Para quem não pôde participar da ação de adoção de ontem, o Centro de Zoonoses está aberto e pronto para receber pessoas que estejam interessadas em adotar um animal. Para isso, basta, além de ter boa vontade e satisfação em criar um animal, levar um documento original com foto e um comprovante de residência. Aqueles animais que foram adotados ontem, mas que ainda não são castrados, a direção do órgão irá realizar um agendamento para que a operação seja realizada de forma gratuita.


 

sábado, 22 de setembro de 2012

Zoonoses faz 672 apreensões

Entre os animais apreendidos e não resgatados, estão espécies de grande porte como cavalos e mulas, que soltos, oferecem riscos.

 


O número crescente de animais soltos nas ruas de Campina Grande já levou o Centro de Zoonoses do município a fazer 672 apreensões até o início deste mês, entre cavalos, burros, mulas, jumentos e jegues que estavam colocando em risco a vida das pessoas. Além desse grande número, a presença de animais que são vítimas de maus tratos também tem chamado a atenção da direção do local que, para diminuir a quantidade de animais que não são resgatados pelos seus donos, os coloca à disposição para a adoção.

De acordo com Fernando Grosso, diretor do Zoonozes, atualmente o Centro ainda abriga 42 equídeos que, depois de capturados e passado o prazo de cinco dias, não foram resgatados pelos seus donos, o que faz com que o local não tenha condições de receber mais animais dessa família. Ele ainda aponta que muitos chegam ao local com ferimentos nas patas, cabeça e outras partes do corpo, por sofrerem maus tratos.

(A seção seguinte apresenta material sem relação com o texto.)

Lemma staircaseE T :
  run_layers (staircase T) v = row_set v q (Num.max (T%:R / N%:R - a%:R / N%:R) 0).
Proof.
have N_gt0R : (0 : R) < N%:R by rewrite ltr0n.
elim: T => [|T IHT].
  rewrite /= mul0r sub0r max_r; first by apply/rowP => i; rewrite mxE; case: eqP => // ->.
  by rewrite oppr_le0 divr_ge0 ?ler0n.
rewrite /staircase -[T.+1]addn1 iotaD map_cat flatten_cat run_layers_cat -/(staircase T) IHT /=.
set z := Num.max _ 0.
have z_ge0 : 0 <= z by rewrite le_max lexx orbT.
rewrite [relu_layer _ (row_set _ _ _)]step_layerE; last exact: row_set_nonneg.
rewrite step_layerE; last first.
  by apply: row_set_nonneg; [exact: row_set_nonneg | rewrite le_max lexx orbT].
rewrite !mxE !eqxx (negbTE neq_pq) row_set_set row_set_set vp add0n.
congr (row_set _ _ _); rewrite natrD mulrDl mul1r /z.
apply: relu_pair_step => //; first by rewrite invr_gt0.
- by rewrite divr_ge0 ?ler0n.
- by rewrite mulrA ler_wpM2r ?invr_ge0 ?ler0n.
- case: (ltnP T a) => [lt_Ta|le_aT]; [left|right].
    have -> : T%:R / N%:R + N%:R^-1 = T.+1%:R / N%:R :> R.
      by rewrite -natr1 mulrDl mul1r.
    by rewrite ler_wpM2r ?invr_ge0 ?ler0n // ler_nat.
  by rewrite ler_wpM2r ?invr_ge0 ?ler0n // ler_nat.
Qed.

Lemma digit_stageE : (a < N)%N ->
  run_layers digit_stage v = row_set (row_set v q r) p (a%:R / N%:R).
Proof.
move=> a_lt_N; have N_gt0R : (0 : R) < N%:R by rewrite ltr0n.
have N_neq0 : N%:R != 0 :> R by rewrite lt0r_neq0.
rewrite run_layers_cat staircaseE /=.
have a_le : a%:R <= N%:R - 1 :> R.
  by move: a_lt_N; rewrite -(ler_nat R) -natr1; lra.
have -> : Num.max (N.-1%:R / N%:R - a%:R / N%:R) 0 = (N%:R - 1 - a%:R) / N%:R :> R.
  rewrite -subn1 natrB // -mulrBl max_l //.
  by rewrite divr_ge0 ?subr_ge0.
rewrite [relu_layer _ (row_set _ _ _)]update_layerE; last first.
  by apply: row_set_nonneg; rewrite // divr_ge0 ?subr_ge0.
rewrite !mxE eqxx (negbTE neq_pq) vp.
have -> : N%:R * ((N%:R - 1 - a%:R) / N%:R) + N%:R * (a%:R / N%:R + r / N%:R)
          + (1 - N%:R) = r by field.
rewrite (max_l r_ge0) row_set_set update_layerE; last exact: row_set_nonneg.
rewrite !mxE eqxx (negbTE neq_pq) vp.
have -> : 1 * (a%:R / N%:R + r / N%:R) + - N%:R^-1 * r + 0 = a%:R / N%:R by field.
by rewrite max_l // divr_ge0 ?ler0n.
Qed.

End DigitStage.

Lemma eq_inord n (i : 'I_n.+1) j : (j <= n)%N -> (i == inord j) = (i == j :> nat).
Proof. by move=> le_jn; rewrite -val_eqE /= inordK. Qed.

Section Decoder.
Variables (R : realType) (n M : nat).
Local Notation N := (2 ^ M)%N.

Lemma base_gt0 : (0 < N)%N. Proof. by rewrite expn_gt0. Qed.

Definition digit_layers (J : nat) : seq (layer R n.+1) :=
  flatten [seq digit_stage (inord j) (inord j.+1) (N%:R ^+ (n - j)) N | j <- iota 0 J].

(* Together with the final affine map [v |-> 1 - v] this clamps at [1]. *)
Definition clamp_layer : layer R n.+1 := (- 1%:M, const_mx 1).

Definition decoder (x : 'rV[R]_1) : 'rV[R]_n.+1 :=
  run_layers (digit_layers n ++ [:: clamp_layer]) (relu_vec (x *m delta_mx 0 0 + 0))
  *m - 1%:M + const_mx 1.

Lemma decoder_relu_net :
  relu_net 1 n.+1 (nseq (size (digit_layers n ++ [:: clamp_layer])).+1 n.+1) decoder.
Proof. exact: (relu_net_run_layers _ _ _ (relu_net_affine _ _)). Qed.

Lemma decoderE x i : decoder x 0 i =
  1 - Num.max (1 - run_layers (digit_layers n) (relu_vec (x *m delta_mx 0 0 + 0)) 0 i) 0.
Proof.
rewrite /decoder run_layers_cat /= /relu_layer /= !mulmxN !mulmx1 !mxE.
by rewrite addrC (addrC (- _)).
Qed.

Lemma decoder_range x i : 0 <= decoder x 0 i <= 1.
Proof.
rewrite decoderE; set u := run_layers _ _ 0 i.
have u_ge0 : 0 <= u by apply: run_layers_nonneg; apply: relu_vec_nonneg.
by case: (leP (1 - u) 0) => h; apply/andP; split; lra.
Qed.

Variables (y : 'rV[R]_n.+1).
Hypothesis y_in : in_Cvec M y.

Lemma coord_digit i : exists2 a, (a < N)%N & y 0 i = a%:R / N%:R.
Proof. by have [a [a_lt ->]] := y_in i; exists a; rewrite // natrX. Qed.

Lemma coord_bounds i : 0 <= y 0 i <= 1 - N%:R^-1.
Proof.
have [a a_lt ->] := coord_digit i; have N_gt0R : (0 : R) < N%:R by rewrite ltr0n base_gt0.
rewrite divr_ge0 ?ler0n //= ler_pdivrMr // mulrBl mul1r mulVf ?lt0r_neq0 //.
by rewrite lerBrDr natr1 ler_nat.
Qed.

Definition residual (J : nat) : R :=
  \sum_(J <= i < n.+1) y 0 (inord i) / N%:R ^+ (i - J).

Definition digit_state (J : nat) : 'rV[R]_n.+1 :=
  \row_i (if (i < J)%N then y 0 i else if i == J :> nat then residual J else 0).

Lemma residualS J : (J <= n)%N -> residual J = y 0 (inord J) + residual J.+1 / N%:R.
Proof.
move=> le_Jn; rewrite /residual big_ltn ?ltnS // subnn expr0 divr1 mulr_suml.
congr (_ + _); apply: eq_big_nat => i /andP [lt_Ji _].
by rewrite -mulrA -invfM -exprSr subnSK.
Qed.

Lemma residual_ge0 J : 0 <= residual J.
Proof.
apply: sumr_ge0 => i _; rewrite divr_ge0 ?exprn_ge0 ?ler0n //.
by have /andP [] := coord_bounds (inord i).
Qed.

Lemma residual_le k : (k <= n.+1)%N -> residual (n.+1 - k) <= 1 - (N%:R ^+ k)^-1.
Proof.
elim: k => [|k IHk] le_k; first by rewrite subn0 /residual big_geq // expr0 invr1 subrr.
rewrite residualS ?subSS ?leq_subr // -subSn // exprSr invfM.
have := IHk (ltnW le_k); set e := (N%:R ^+ k)^-1; move=> res_le.
have : residual (n.+1 - k) / N%:R <= N%:R^-1 - e * N%:R^-1.
  by rewrite -[X in X - _]mul1r -mulrBl ler_wpM2r ?invr_ge0 ?ler0n.
by have /andP [_] := coord_bounds (inord (n - k)); lra.
Qed.

Lemma digit_state_nonneg J : row_nonneg (digit_state J).
Proof.
move=> i; rewrite mxE; case: ifP => _; first by have /andP [] := coord_bounds i.
by case: ifP => _; [exact: residual_ge0 | exact: lexx].
Qed.

Lemma digit_state_step J : (J < n)%N ->
  run_layers (digit_stage (inord J) (inord J.+1) (N%:R ^+ (n - J)) N) (digit_state J)
  = digit_state J.+1.
Proof.
move=> lt_Jn; have le_Jn := ltnW lt_Jn; have [a a_lt ya] := coord_digit (inord J).
have N_gt0R : (0 : R) < N%:R by rewrite ltr0n base_gt0.
have K_gt0 : (0 : R) < N%:R ^+ (n - J) by rewrite exprn_gt0.
have r_le : residual J.+1 <= 1 - (N%:R ^+ (n - J))^-1.
  have le_nJ : (n - J <= n.+1)%N by lia.
  by have := residual_le le_nJ; rewrite (_ : n.+1 - (n - J) = J.+1)%N //; lia.
rewrite (digit_stageE _ _ _ (a := a) (r := residual J.+1)) //.
- apply/rowP => i; rewrite !mxE !eq_inord //.
  case: (ltngtP i J) => [lt_iJ | lt_Ji | eq_iJ].
  + have -> : (i < J.+1)%N by lia.
    by rewrite ifF //; lia.
  + by have -> : (i < J.+1)%N = false by lia.
  + have -> : i = inord J by apply: val_inj; rewrite /= inordK.
    by rewrite inordK // ltnSn ya.
- by rewrite eq_inord // inordK; lia.
- exact: base_gt0.
- by rewrite exprn_ege1 // ler1n base_gt0.
- exact: digit_state_nonneg.
- by rewrite mxE inordK // !ifF //; lia.
- by rewrite mxE inordK // ltnn eqxx residualS // ya.
- exact: residual_ge0.
- apply: (le_trans (ler_wpM2l (ltW K_gt0) r_le)).
  by rewrite mulrBr mulr1 mulfV // lt0r_neq0.
Qed.

Lemma digit_layersE J : (J <= n)%N ->
  run_layers (digit_layers J) (digit_state 0) = digit_state J.
Proof.
elim: J => [//|J IHJ] lt_Jn.
rewrite /digit_layers -[J.+1]addn1 iotaD map_cat flatten_cat /= cats0 run_layers_cat.
by rewrite -/(digit_layers J) add0n addn1 (IHJ (ltnW lt_Jn)) digit_state_step.
Qed.

Lemma digit_state_last : digit_state n = y.
Proof.
apply/rowP => i; rewrite mxE; case: ltnP => [//|le_ni].
have i_n : i = inord n by apply: val_inj; rewrite /= inordK //; have := ltn_ord i; lia.
by rewrite i_n inordK // eqxx residualS // /residual big_geq // mul0r addr0.
Qed.

Lemma decoder_input : relu_vec ((\row_(_ < 1) encode_sum M y) *m delta_mx 0 0 + 0)
  = digit_state 0.
Proof.
have enc : residual 0 = encode_sum M y.
  rewrite /residual /encode_sum big_mkord; apply: eq_bigr => i _.
  by rewrite inord_val subn0 natrX -exprM mulnC.
apply/rowP => i; rewrite !mxE big_ord1 !mxE addr0 /= enc.
rewrite -val_eqE /=; case: eqP => _; last by rewrite mulr0 maxxx.
by rewrite mulr1 max_l // -enc residual_ge0.
Qed.

Lemma decoder_encode : decoder (\row_(_ < 1) encode_sum M y) = y.
Proof.
apply/rowP => i; rewrite decoderE decoder_input digit_layersE // digit_state_last.
have /andP [y_ge0 y_le] := coord_bounds i.
have N_inv_ge0 : 0 <= N%:R^-1 :> R by rewrite invr_ge0 ler0n.
by rewrite max_l; [ring | lra].
Qed.

End Decoder.

Lemma encode_sum_onto (R : realType) (n M : nat) (c : R) :
  Cn (n.+1 * M) c -> exists y : 'rV[R]_n.+1, in_Cvec M y /\ encode_sum M y = c.
Proof.
move=> [k [k_lt ->]]; set N := (2 ^ M)%N.
have N_gt0 : (0 < N)%N by rewrite expn_gt0.
have N_neq0 : N%:R != 0 :> R by rewrite pnatr_eq0 -lt0n.
have pow2 j : (2 : R) ^+ (j * M) = N%:R ^+ j by rewrite natrX -exprM mulnC.
pose digit i := (k %/ N ^ (n - i) %% N)%N.
have k_digits : k = (\sum_(i < n.+1) digit i * N ^ (n - i))%N.
  have k_lt' : (k < N ^ n.+1)%N by rewrite -expnM mulnC.
  rewrite -[LHS](modn_small k_lt') -sum_digits (reindex_inj rev_ord_inj) /=.
  by apply: eq_bigr => i _; rewrite subSS.
exists (\row_(i < n.+1) ((digit i)%:R / N%:R)); split.
  by move=> i; exists (digit i); rewrite ltn_pmod // mxE natrX.
rewrite /encode_sum pow2 k_digits natr_sum mulr_suml; apply: eq_bigr => i _.
have le_in : (i <= n)%N by rewrite -ltnS.
have -> : N%:R ^+ n.+1 = N%:R ^+ (n - i) * N%:R ^+ i * N%:R :> R.
  by rewrite -exprD subnK // -exprSr.
by rewrite mxE pow2 natrM natrX; field; rewrite N_neq0 !expf_neq0.
Qed.

Theorem lemma6 (R : realType) (dy M : nat) (delta : R) :
  (0 < dy)%N -> (0 < M)%N -> 0 < delta ->
  exists (hs : seq nat) (f : 'rV[R]_1 -> 'rV[R]_dy),
    [/\ relu_net 1 dy hs f,
        width hs = dy,
        (forall c : R, Cn (dy * M) c -> f (\row_(_ < 1) c) = decode dy M c) &
        (forall (x : R) (i : 'I_dy),
            0 <= f (\row_(_ < 1) x) 0 i /\ f (\row_(_ < 1) x) 0 i <= 1)].
Proof.
case: dy => [//|n] _ _ _.
exists (nseq (size (@digit_layers R n M n ++ [:: @clamp_layer R n])).+1 n.+1).
exists (@decoder R n M); split.
- exact: decoder_relu_net.
- exact: width_nseq.
- move=> c /encode_sum_onto /(xgetPex 0) [].
  rewrite -/(decode n.+1 M c) => dec_in dec_enc.
  by rewrite -{1}dec_enc decoder_encode.
- by move=> x i; apply/andP; apply: decoder_range.
Qed.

“Além de muitos se machucarem por se envolverem em acidentes de trânsito, ainda assusta a quantidade de animais que tratamos aqui que sofrem de maus tratos. Os donos exageram no tratamento forçado desses bichos e vários chegam bastante debilitados. Aliado a isso vem o medo da população de denunciar quem pratica os maus tratos”, apontou Fernando Grosso.

Segundo o diretor, o bairro de Bodocongó é o local onde se concentra o maior número de animais soltos que acabam comprometendo o trânsito e provocando acidentes. Ele acrescentou que é preciso uma integração entre o poder público e a sociedade para que essa realidade mude. “Animal solto na rua é crime. As pessoas precisam entender isso. Nós realizamos nosso trabalho de fiscalizar, de promover eventos de doação, mas se não houver uma mudança na cabeça de quem é dono desses bichos, não vai adiantar muito”, acrescentou Fernando.

Já o promotor do Meio Ambiente do Ministério Público, Eulâmpio Duarte, apontou que um dos principais fatores da existência de grande número de animais nas ruas é a desvalorização que os jumentos sofreram, fazendo com que seus respectivos donos prefiram abandoná-los nas ruas a continuar criando. “Nós percebemos que o valor comercial do jumento, por exemplo, caiu bastante. Para esse animal ser vacinado no Parque de Exposição, custa R$ 90, só que ele é vendido por R$ 10. Aliado a isso, os carroceiros não têm um local para colocar os animais para descansar, o que acaba os deixando soltos pelos bairros”, disse Eulâmpio.